In early 1653, King Charles made William Cunningham, 9th Earl of Glencairn the temporary commander of Royalist forces in Scotland until Major-General John Middleton could arrive from the Dutch Republic. As the commander of the Scottish Royalists, Glencairn worked to build support among clan leaders in the Scottish Highlands and organized a guerrilla campaign against the Commonwealth.

==Battle==
Supporting Glencairn in the campaign against the Commonwealth was Ewen Cameron of Lochiel, the Scottish Highland chief of the Clan Cameron. At that time, Glencairn was in the Eastern Highlands campaigning against Commonwealth occupational troops. Ewen and his clansmen were encamped at Tullich protecting Glencairn’s army against a surprise attack by Commonwealth forces.

During this time, a Commonwealth army commanded by General Robert Lilburne was in pursuit of Glencairn and found their way to Tullich. When the Commonwealth troops approached, Ewen sent a warning to Glencairn and prepared to defend the pass. The fighting started shortly thereafter and the Cameron clansmen stopped the Commonwealth advance, fending off several attacks. As the battle continued, Lilburne's troops also attempted to flank the Royalists but failed.

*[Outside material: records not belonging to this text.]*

Lemma pow2_gap_solution (k B m : nat) : (0 < m)%N -> (B * (2 ^ k - m) = m)%N ->
  exists t, [/\ (0 < t <= k)%N, B = (2 ^ t - 1)%N & m = (2 ^ k - 2 ^ (k - t))%N].
Proof.
move=> m_gt0 gap.
have m_le : (m <= 2 ^ k)%N by move: gap; rewrite leqNgt; case: ltnP => //; lia.
have eq_mul : (B * 2 ^ k = m * B.+1)%N by move: gap; rewrite mulnBr; lia.
have : (B.+1 %| 2 ^ k)%N by rewrite -(Gauss_dvdr _ (coprimeSn B)) eq_mul dvdn_mull.
case/dvdn_pfactor => // t t_le Bt; exists t.
have t_gt0 : (0 < t)%N.
  by rewrite lt0n; apply/eqP => t0; move: Bt gap; rewrite t0 expn0 => -[->]; lia.
have B_eq : B = (2 ^ t - 1)%N by rewrite -Bt subn1.
have pow_k : (2 ^ k = 2 ^ t * 2 ^ (k - t))%N by rewrite -expnD subnKC.
have : (m * 2 ^ t = (2 ^ t - 1) * 2 ^ (k - t) * 2 ^ t)%N.
  by rewrite -B_eq -Bt -eq_mul pow_k Bt mulnA mulnAC.
move/eqP; rewrite eqn_pmul2r ?expn_gt0 // => /eqP ->.
by rewrite t_gt0 t_le B_eq pow_k mulnBl mul1n.
Qed.

Section Z4Type.
Variables (n k1 k2 : nat) (C : {set 'rV['Z_4]_n}).
Hypothesis typeC : Z4_type k1 k2 C.

Lemma card_Z4_type : #|C| = (2 ^ (2 * k1 + k2))%N.
Proof.
case: typeC => f [_ f_inj f_onto].
have -> : C = f @: setT.
  apply/setP => x; apply/idP/imsetP => [/f_onto [a <-]|[a _ ->]]; first by exists a.
  by apply/f_onto; exists a.
by rewrite card_imset // cardsT card_prod !card_mx !card_ord !mul1n expnD expnM.
Qed.

Lemma Z4_type_double_kernel : (2 ^ (k1 + k2) <= #|[set c in C | (c + c == 0)%R]|)%N.
Proof.
case: typeC => f [f_add f_inj f_onto].
have f0 : f (0, 0) = 0 by apply: (addrI (f (0, 0))); rewrite -f_add !addr0.
pose g (p : 'rV['Z_2]_k1 * 'rV['Z_2]_k2) := f (map_mx Z2_to_2Z4 p.1, p.2).
have g_inj : injective g.
  move=> [u b] [v d] /f_inj [/matrixP uv ->]; congr pair; apply/matrixP => i j.
  by apply: Z2_to_2Z4_inj; have := uv i j; rewrite !mxE.
have <- : #|g @: setT| = (2 ^ (k1 + k2))%N.
  by rewrite card_imset // cardsT card_prod !card_mx !card_ord !mul1n expnD.
apply/subset_leq_card/subsetP => _ /imsetP[[u b] _ ->]; rewrite inE /g.
apply/andP; split; first by apply/f_onto; eexists.
rewrite -f_add -f0 /=; apply/eqP; congr (f (_, _)); apply/rowP => i; rewrite !mxE.
  exact: Z2_to_2Z4_double.
by elim/Z2_ind: (b 0 i); apply: val_inj.
Qed.

End Z4Type.
Definition PBcount {m : nat} (B : {set 'I_m}) (e : {set 'I_m}) : nat :=
  #|[set C in PB B | C :&: e != set0]|.

Definition lhs {m : nat} t (E : seq {set 'I_m}) : R :=
  ((INR t - 1) * INR (size E) / (INR m - 1)).

Definition rhs {m : nat} (E : seq {set 'I_m}) (B : {set 'I_m}) : R :=
  (rsum [seq (INR (PBcount B e) - 1) | e <- E] / (INR #|PB B| - 1)).

(** The bits of the model are independent and uniform, so [H(X_A)] is the number of
    hyperedges meeting [A], and [Delta P = (N P - |E|) / (|P| - 1)], where [N P] counts the
    pairs (cell of [P], hyperedge) that meet.  For a partition [Q] and each cell [C], the
    partition [P_(C^c)] keeps [C] and splits [C^c] into singletons; counting incidences gives
    [sum_(C in Q) N P_(C^c) + N S = N Q + |Q| N S], which rearranges into
      [(|Q| - 1) (Delta Q - Delta S) = sum_(C in Q) |C^c| (Delta P_(C^c) - Delta S)].
    A singleton cell contributes nothing since then [P_(C^c) = S], while the complement of a
    larger cell lies in [Omega].  Hence [Delta S <= Delta P_B] on [Omega] gives
    [Delta S <= Delta Q] for every [Q], strictly as soon as [Q <> S]; conversely each [P_B]
    with [B] in [Omega] is itself a partition different from [S]. *)

From Pilot Require Import Defs.
From Stdlib Require Import Reals.
From mathcomp Require Import all_boot all_algebra.
From mathcomp Require Import Rstruct ring lra zify.

Set Implicit Arguments.
Unset Strict Implicit.
Unset Printing Implicit Defensive.

(* A bare [Order] would resolve to the module of the classical library loaded by [Rstruct]. *)
Import order.Order.TTheory GRing.Theory Num.Theory.

Lemma card_agree_on (n : nat) (K : {set 'I_n}) (w : {ffun 'I_n -> bool}) :
  #|[pred w' : {ffun 'I_n -> bool} | [forall k in K, w' k == w k]]| = 2 ^ (n - #|K|).
Proof.
pose F k := if k \in K then pred1 (w k) else predT.
rewrite (eq_card (B := family F)); last first.
  move=> w'; rewrite inE; apply/forall_inP/familyP => agree k.
    by rewrite /F; case: ifP => // /agree /eqP ->; rewrite inE.
  by move=> kK; have := agree k; rewrite /F kK inE.
rewrite card_family foldrE big_map big_enum /= (bigID (mem K)) /=.
rewrite big1 => [|k kK]; last by rewrite /F kK card1.
rewrite mul1n (eq_bigr (fun=> 2)) => [|k /negbTE kK]; last by rewrite /F kK card_bool.
rewrite prod_nat_const (eq_card (B := ~: K)) => [|k]; last by rewrite inE.
by rewrite cardsCs setCK card_ord.
Qed.

Definition edges_meeting {m : nat} (E : seq {set 'I_m}) (A : {set 'I_m}) : {set 'I_(size E)} :=
  [set k : 'I_(size E) | A :&: nth set0 E k != set0].

Lemma XA_eqE m (E : seq {set 'I_m}) (A : {set 'I_m}) (w w' : outcome E) :
  (XA E A w' == XA E A w) = [forall k in edges_meeting E A, w' k == w k].
Proof.
apply/eqP/forall_inP => [/ffunP XAw k | agree].
  rewrite inE => /set0Pn [i /setIP [iA ik]].
  by have := XAw i; rewrite !ffunE iA => -[/ffunP /(_ k)]; rewrite !ffunE ik => -[->].
apply/ffunP => i; rewrite !ffunE; case: ifP => // iA; congr Some.
apply/ffunP => k; rewrite !ffunE; case: ifP => // ik; congr Some.
by apply/eqP/agree; rewrite inE; apply/set0Pn; exists i; apply/setIP.
Qed.

Lemma partition_set1 (T : finType) (A : {set T}) : partition [set [set x] | x in A] A.
Proof.
have [] := @indexed_partition _ _ A set1 _ _.
- by move=> i j _ _ ji; rewrite disjoints1 inE eq_sym.
- by move=> i _; apply/set0Pn; exists i; rewrite inE.
move=> + _; rewrite cover_imset; congr partition; apply/setP => x.
by apply/bigcupP/idP => [[y yA]|xA]; [rewrite inE => /eqP -> | exists x; rewrite ?inE].
Qed.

After many hours of fighting and having inflicted heavy losses on the Commonwealth troops, Ewen was ordered to retreat, leaving the pass open. The Commonwealth army, however, were depleted and unable to continue their offensive in the harsh terrain. As the Commonwealth troops fell back and attempted to return to Inverness, the Royalists went on the offensive, taking advantage of the situation to pursue and harass them for several miles.

==Aftermath==

Ewen returned in triumph to report back to Glencairn and was hailed as "The Deliverer of the Highland Army." Later, Ewen received a letter of praise for his courage in battle from Charles II. Ian Mitchell's book On the Trail of Queen Victoria in the Highland is dedicated "to the Unknown Soldiers of Cromwell's Republic who fell in the Battle of Tullich near Ballater in 1654, overcoming bands of Royalist bandits under Locheil. Will we see their like again?"